With just a week to go until Britain risks lurching out into legal limbo at midnight next Friday, EU leaders gave May an extra two months, until May 22, to leave if she wins next week’s vote in parliament.
But she failed to convince the other 27 that she would succeed, prompting a frantic seven hours of talks to find a way to get Britain out without seeming to push.
The conclusion was a deal that suggested that Britain could, if May fails, come back and ask for a much longer delay.
But this would be on the condition – likely a major stumbling block – that it takes part in elections to the new EU parliament on May 23.

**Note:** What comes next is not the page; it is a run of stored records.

(* Let $F$ be the graph with vertex set $\{a,b,c,d,e,g,h,i,x,x'\}$ and edge set $\{de,\ da,\ ae,\ dc,\ ec,\ ac,\ eg,\ cg,\ db,\ ab,\ cb,\ gb,\ ex',\ bx',\ di,\ ix,\ ah,\ hx\}$. Then $F$ has an acyclic $(\mathcal{S}_3,\mathcal{S}_3)$-colouring, and in every acyclic $(\mathcal{S}_3,\mathcal{S}_3)$-colouring $f$ of $F$ we have $f(x)=f(x')$, the vertex $x$ has exactly two neighbours coloured $f(x)$, and the vertex $x'$ has exactly one neighbour coloured $f(x')$.
   Context: An acyclic $(\mathcal{S}_3,\mathcal{S}_3)$-colouring of a graph $G$ is a map $c:V(G)\to\{1,2\}$ (not necessarily proper) such that each of the two colour classes induces a subgraph of maximum degree at most $3$, and there is no cycle in $G$ every edge of which joins a vertex of colour $1$ to a vertex of colour $2$. *)

From HB Require Import structures.
From mathcomp Require Import all_boot.
Set Implicit Arguments. Unset Strict Implicit. Unset Printing Implicit Defensive.

(* Generic notions for a simple graph given by a symmetric irreflexive
   relation [adj] on a finite type [V]; a 2-colouring is a map V -> bool
   (colour 1 = false, colour 2 = true). *)

Definition S3S3_degree_ok (V : finType) (adj : rel V) (c : V -> bool) : Prop :=
  forall v : V, #|[set u | adj v u & c u == c v]| <= 3.

Definition bichromatic (V : finType) (adj : rel V) (c : V -> bool) : rel V :=
  fun u v => adj u v && (c u != c v).

Definition no_bichromatic_cycle (V : finType) (adj : rel V) (c : V -> bool) : Prop :=
  forall s : seq V, uniq s -> 3 <= size s -> ~~ cycle (bichromatic adj c) s.

Definition acyclic_S3S3_colouring (V : finType) (adj : rel V) (c : V -> bool) : Prop :=
  S3S3_degree_ok adj c /\ no_bichromatic_cycle adj c.

Inductive FV := Va | Vb | Vc | Vd | Ve | Vg | Vh | Vi | Vx | Vx'.

Definition FV_to_ord (v : FV) : 'I_10 :=
  match v with
  | Va => @Ordinal 10 0 isT | Vb => @Ordinal 10 1 isT | Vc => @Ordinal 10 2 isT
  | Vd => @Ordinal 10 3 isT | Ve => @Ordinal 10 4 isT | Vg => @Ordinal 10 5 isT
  | Vh => @Ordinal 10 6 isT | Vi => @Ordinal 10 7 isT | Vx => @Ordinal 10 8 isT
  | Vx' => @Ordinal 10 9 isT
  end.

Definition ord_to_FV (i : 'I_10) : FV :=
  match val i with
  | 0 => Va | 1 => Vb | 2 => Vc | 3 => Vd | 4 => Ve | 5 => Vg
  | 6 => Vh | 7 => Vi | 8 => Vx | _ => Vx'
  end.

Lemma FV_to_ordK : cancel FV_to_ord ord_to_FV.
Proof. by case. Qed.

HB.instance Definition _ := Equality.copy FV (can_type FV_to_ordK).
HB.instance Definition _ := Choice.copy FV (can_type FV_to_ordK).
HB.instance Definition _ := Countable.copy FV (can_type FV_to_ordK).
HB.instance Definition _ := Finite.copy FV (can_type FV_to_ordK).

Definition F_edges : seq (FV * FV) :=
  [:: (Vd, Ve); (Vd, Va); (Va, Ve); (Vd, Vc); (Ve, Vc); (Va, Vc); (Ve, Vg);
      (Vc, Vg); (Vd, Vb); (Va, Vb); (Vc, Vb); (Vg, Vb); (Ve, Vx'); (Vb, Vx');
      (Vd, Vi); (Vi, Vx); (Va, Vh); (Vh, Vx)].

Definition Fadj : rel FV :=
  fun u v => ((u, v) \in F_edges) || ((v, u) \in F_edges).

(* Existence: for the colouring [F_colouring] there is an ordering of the
   vertices in which every vertex has at most one later bichromatic neighbour,
   so its bichromatic graph is a forest.  Uniqueness of the pattern at x and x':
   already the degree bound together with the absence of sixteen bichromatic
   4- and 6-cycles of F ([F_cycles]) forces the conclusion, which is checked
   over all 2^10 colourings. *)
From Stdlib Require Import FunctionalExtensionality.
From mathcomp Require Import all_boot.

Set Implicit Arguments.
Unset Strict Implicit.
Unset Printing Implicit Defensive.

Section CyclesAndDegeneracy.

Variables (T : eqType) (r : rel T).

Lemma cycle_two_neighbours (s : seq T) (x : T) :
  uniq s -> 3 <= size s -> cycle r s -> x \in s ->
  exists y z, [/\ y \in s, z \in s, uniq [:: x; y; z], r x y & r z x].
Proof.
move=> us ss cs /rot_to [i s' Erot].
have size_s : size s = (size s').+1 by rewrite -(size_rot i s) Erot.
case: s' Erot size_s => [|y [|w t]] Erot size_s; rewrite size_s // in ss.
have ur : uniq (x :: y :: w :: t) by rewrite -Erot rot_uniq.
have cr : cycle r (x :: y :: w :: t) by rewrite -Erot rot_cycle.
have mem_s u : u \in x :: y :: w :: t -> u \in s by rewrite -Erot mem_rot.
exists y, (last w t); split.
- by apply: mem_s; rewrite !inE eqxx orbT.
- by apply: mem_s; do 2 apply: mem_behead; exact: mem_last.
- have last_wt : last w t \in w :: t := mem_last w t.
  move: ur; rewrite cons_uniq => /andP [xN]; rewrite cons_uniq => /andP [yN _].
  rewrite /= andbT !inE negb_or -andbA; apply/and3P; split.
  + by apply: contraNneq xN => ->; exact: mem_head.
  + by apply: contraNneq xN => ->; exact: mem_behead.
  + by apply: contraNneq yN => ->.
- by case/andP: cr.
- by move: cr; rewrite /cycle rcons_path => /andP [].
Qed.

Fixpoint one_degenerate (l : seq T) : bool :=
  if l is v :: l' then (count (r v) l' <= 1) && one_degenerate l' else true.

Hypothesis r_sym : symmetric r.

Lemma one_degenerate_acyclic (l s : seq T) :
  one_degenerate l -> uniq l -> uniq s -> 3 <= size s -> {subset s <= l} ->
  ~~ cycle r s.
Proof.
elim: l s => [|v l IHl] s /=.
  by case: s => [|u s] // _ _ _ _ /(_ u (mem_head u s)).
move=> /andP [deg_v deg_l] /andP [vNl ul] us ss sub_s; apply/negP => cs.
have [vs | vNs] := boolP (v \in s); last first.
  apply/negP: cs; apply: IHl => // u su.
  by have := sub_s u su; rewrite inE => /predU1P [uv | //]; rewrite -uv su in vNs.
have [y [z [ys zs /and3P [vyz yz _] ry rz]]] := cycle_two_neighbours us ss cs vs.
move: vyz; rewrite !inE negb_or => /andP [vy vz].
have in_l u : u \in s -> v != u -> u \in l.
  by move=> su vu; have := sub_s u su; rewrite inE eq_sym (negbTE vu).
have : size [:: y; z] <= count (r v) l.
  rewrite -size_filter; apply: uniq_leq_size; first by rewrite cons_uniq yz.
  move=> u; rewrite !inE mem_filter => /predU1P [-> | /eqP ->].
    by rewrite ry in_l.
  by rewrite r_sym rz in_l.
by move: deg_v; case: (count _ _) => [|[|]].
Qed.

End CyclesAndDegeneracy.

Lemma bichromatic_sym (V : finType) (adj : rel V) (c : V -> bool) :
  symmetric adj -> symmetric (bichromatic adj c).
Proof. by move=> adj_sym u v; rewrite /bichromatic adj_sym eq_sym. Qed.

Lemma Fadj_sym : symmetric Fadj.
Proof. by move=> u v; rewrite /Fadj orbC. Qed.

Lemma card_set_count (V : finType) (vs : seq V) (P : pred V) :
  uniq vs -> (forall v, v \in vs) -> #|[set u | P u]| = count P vs.
Proof.
move=> uniq_vs vs_total; rewrite cardsE -size_filter.
rewrite -(card_uniqP (filter_uniq P uniq_vs)).
by apply: eq_card => u; rewrite mem_filter vs_total andbT.
Qed.

(* [enum FV] does not reduce under [vm_compute]; the finite checks below use
   this explicit enumeration instead. *)
Definition F_vertices : seq FV := [:: Va; Vb; Vc; Vd; Ve; Vg; Vh; Vi; Vx; Vx'].

Lemma mem_F_vertices v : v \in F_vertices.
Proof. by case: v. Qed.

Definition F_mono_degree (c : FV -> bool) (v : FV) : nat :=
  count (fun u => Fadj v u && (c u == c v)) F_vertices.

Lemma card_F_mono_neighbours c v :
  #|[set u | Fadj v u & c u == c v]| = F_mono_degree c v.
Proof. exact: card_set_count mem_F_vertices. Qed.

Lemma F_degree_okP c :
  reflect (S3S3_degree_ok Fadj c) (all (fun v => F_mono_degree c v <= 3) F_vertices).
Proof.
apply: (iffP allP) => deg_ok v.
- by rewrite card_F_mono_neighbours; apply: deg_ok; apply: mem_F_vertices.
- by rewrite -card_F_mono_neighbours.
Qed.

Definition F_colouring (v : FV) : bool := v \in [:: Ve; Vg; Vh; Vi; Vx; Vx'].

Definition F_elimination_order : seq FV :=
  [:: Vh; Va; Vi; Vd; Ve; Vc; Vg; Vb; Vx; Vx'].

Lemma F_colouring_acyclic : acyclic_S3S3_colouring Fadj F_colouring.
Proof.
split; first by apply/F_degree_okP; vm_compute.
move=> s us ss; apply: (one_degenerate_acyclic _ (l := F_elimination_order)) => //.
- exact/bichromatic_sym/Fadj_sym.
- by move=> v _; case: v.
Qed.

Definition F_cycles : seq (seq FV) :=
  [:: [:: Vb; Vg; Ve; Vc]; [:: Va; Vd; Vc; Ve]; [:: Va; Vd; Ve; Vc];
      [:: Vb; Vx'; Ve; Vc]; [:: Vb; Vc; Ve; Vd]; [:: Vb; Vx'; Ve; Vg];
      [:: Vb; Vd; Vc; Vg]; [:: Va; Vc; Vg; Ve]; [:: Va; Ve; Vd; Vi; Vx; Vh];
      [:: Va; Vc; Vd; Ve]; [:: Va; Vc; Vd; Vb]; [:: Va; Ve; Vd; Vb];
      [:: Va; Vb; Vc; Vd]; [:: Va; Vd; Vb; Vc]; [:: Va; Vh; Vx; Vi; Vd; Vb];
      [:: Va; Vc; Vg; Vb]].

Lemma F_cycles_are_cycles : {in F_cycles, forall s, uniq s && (3 <= size s)}.
Proof. by apply/allP. Qed.

Definition F_colour (ca cb cc cd ce cg ch ci cx cx' : bool) (v : FV) : bool :=
  match v with
  | Va => ca | Vb => cb | Vc => cc | Vd => cd | Ve => ce
  | Vg => cg | Vh => ch | Vi => ci | Vx => cx | Vx' => cx'
  end.

Lemma F_colour_eta (f : FV -> bool) :
  f = F_colour (f Va) (f Vb) (f Vc) (f Vd) (f Ve) (f Vg) (f Vh) (f Vi) (f Vx) (f Vx').
Proof. by apply: functional_extensionality; case. Qed.

Lemma F_colour_forced ca cb cc cd ce cg ch ci cx cx'
    (c := F_colour ca cb cc cd ce cg ch ci cx cx') :
  all (fun v => F_mono_degree c v <= 3) F_vertices ->
  ~~ has (cycle (bichromatic Fadj c)) F_cycles ->
  [&& c Vx == c Vx', F_mono_degree c Vx == 2 & F_mono_degree c Vx' == 1].
Proof.
by rewrite {}/c; case: ca; case: cb; case: cc; case: cd; case: ce; case: cg;
  case: ch; case: ci; case: cx; case: cx'; vm_compute.
Qed.

Theorem mainTheorem7 :
  (exists f : FV -> bool, acyclic_S3S3_colouring Fadj f) /\
  (forall f : FV -> bool, acyclic_S3S3_colouring Fadj f ->
     [/\ f Vx = f Vx',
         #|[set u | Fadj Vx u & f u == f Vx]| = 2
       & #|[set u | Fadj Vx' u & f u == f Vx']| = 1]).
Proof.
split; first by exists F_colouring; exact: F_colouring_acyclic.
move=> f [/F_degree_okP deg_ok no_cycle].
have no_F_cycle : ~~ has (cycle (bichromatic Fadj f)) F_cycles.
  apply/hasPn => s /F_cycles_are_cycles /andP [us ss].
  exact: no_cycle.
rewrite !card_F_mono_neighbours.
rewrite (F_colour_eta f) in deg_ok no_F_cycle *.
by case/and3P: (F_colour_forced deg_ok no_F_cycle) => /eqP ? /eqP ? /eqP.
Qed.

For it to do so, British election law says that would have to be announced six weeks beforehand, by April 12. If it does not call an EU election, Britain will be out.
“The European Council agrees to an extension until 22 May 2019, provided the Withdrawal Agreement is approved by the House of Commons next week,” the statement said.
“If the Withdrawal Agreement is not approved by the House of Commons next week, the European Council agrees to an extension until 12 April 2019 and expects the United Kingdom to indicate a way forward before this date for consideration by the European Council.”
Prime Minister Theresa May welcomed the European Union’s decision to delay Brexit, saying that lawmakers in the British parliament now had clear choices about what to do next.
“I hope we can all agree, we are now at the moment of decision,” May told reporters following a meeting of EU leaders.